▶ What to work on
Copy word for word, please, the lines of the entries below running from the one containing "match n with" to the one containing "sup [set y |", both ends included.

Saved data entries:
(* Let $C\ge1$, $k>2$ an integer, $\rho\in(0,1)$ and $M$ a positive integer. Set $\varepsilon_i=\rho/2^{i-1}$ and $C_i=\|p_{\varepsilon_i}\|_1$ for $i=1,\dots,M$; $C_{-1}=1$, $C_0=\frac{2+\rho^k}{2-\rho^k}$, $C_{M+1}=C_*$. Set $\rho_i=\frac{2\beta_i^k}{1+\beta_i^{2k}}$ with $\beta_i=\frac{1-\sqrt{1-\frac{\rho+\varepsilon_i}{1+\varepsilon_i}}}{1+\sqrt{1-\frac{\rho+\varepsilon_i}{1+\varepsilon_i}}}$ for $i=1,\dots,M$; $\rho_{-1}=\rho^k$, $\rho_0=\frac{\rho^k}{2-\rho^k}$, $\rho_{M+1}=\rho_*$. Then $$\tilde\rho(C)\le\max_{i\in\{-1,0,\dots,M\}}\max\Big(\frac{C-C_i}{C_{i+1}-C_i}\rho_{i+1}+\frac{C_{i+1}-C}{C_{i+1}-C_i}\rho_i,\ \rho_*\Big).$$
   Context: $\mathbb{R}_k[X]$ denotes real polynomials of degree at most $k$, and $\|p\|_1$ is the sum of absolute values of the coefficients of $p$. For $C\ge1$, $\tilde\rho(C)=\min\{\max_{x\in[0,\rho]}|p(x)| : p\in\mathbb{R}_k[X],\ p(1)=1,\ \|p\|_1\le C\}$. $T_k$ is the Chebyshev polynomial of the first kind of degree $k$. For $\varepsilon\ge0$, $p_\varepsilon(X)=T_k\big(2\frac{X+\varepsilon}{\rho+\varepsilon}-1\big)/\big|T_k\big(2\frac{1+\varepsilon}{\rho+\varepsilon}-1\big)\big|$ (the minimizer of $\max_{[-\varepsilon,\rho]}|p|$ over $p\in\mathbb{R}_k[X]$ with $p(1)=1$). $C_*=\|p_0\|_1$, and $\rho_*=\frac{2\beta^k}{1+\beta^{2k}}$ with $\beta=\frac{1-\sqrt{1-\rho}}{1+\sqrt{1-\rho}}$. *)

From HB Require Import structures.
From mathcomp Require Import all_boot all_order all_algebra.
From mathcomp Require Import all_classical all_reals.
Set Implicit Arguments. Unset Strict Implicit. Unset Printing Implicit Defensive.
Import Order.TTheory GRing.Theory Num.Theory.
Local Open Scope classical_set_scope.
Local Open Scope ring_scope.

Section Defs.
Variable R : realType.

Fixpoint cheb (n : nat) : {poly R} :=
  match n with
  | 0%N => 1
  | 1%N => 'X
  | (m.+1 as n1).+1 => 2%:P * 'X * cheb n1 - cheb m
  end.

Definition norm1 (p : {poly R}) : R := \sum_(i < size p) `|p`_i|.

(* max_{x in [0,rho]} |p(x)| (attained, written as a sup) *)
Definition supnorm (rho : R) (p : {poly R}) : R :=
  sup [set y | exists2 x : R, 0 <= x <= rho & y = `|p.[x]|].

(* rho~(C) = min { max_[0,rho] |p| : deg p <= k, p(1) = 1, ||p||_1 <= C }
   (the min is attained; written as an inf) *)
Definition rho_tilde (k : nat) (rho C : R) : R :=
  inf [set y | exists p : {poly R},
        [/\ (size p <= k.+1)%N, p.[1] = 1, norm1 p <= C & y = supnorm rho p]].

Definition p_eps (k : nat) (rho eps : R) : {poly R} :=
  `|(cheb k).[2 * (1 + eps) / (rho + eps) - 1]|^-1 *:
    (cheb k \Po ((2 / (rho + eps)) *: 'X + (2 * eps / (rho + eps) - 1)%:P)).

▶ Solution for this problem
  match n with
  | 0%N => 1
  | 1%N => 'X
  | (m.+1 as n1).+1 => 2%:P * 'X * cheb n1 - cheb m
  end.

Definition norm1 (p : {poly R}) : R := \sum_(i < size p) `|p`_i|.

(* max_{x in [0,rho]} |p(x)| (attained, written as a sup) *)
Definition supnorm (rho : R) (p : {poly R}) : R :=
  sup [set y | exists2 x : R, 0 <= x <= rho & y = `|p.[x]|].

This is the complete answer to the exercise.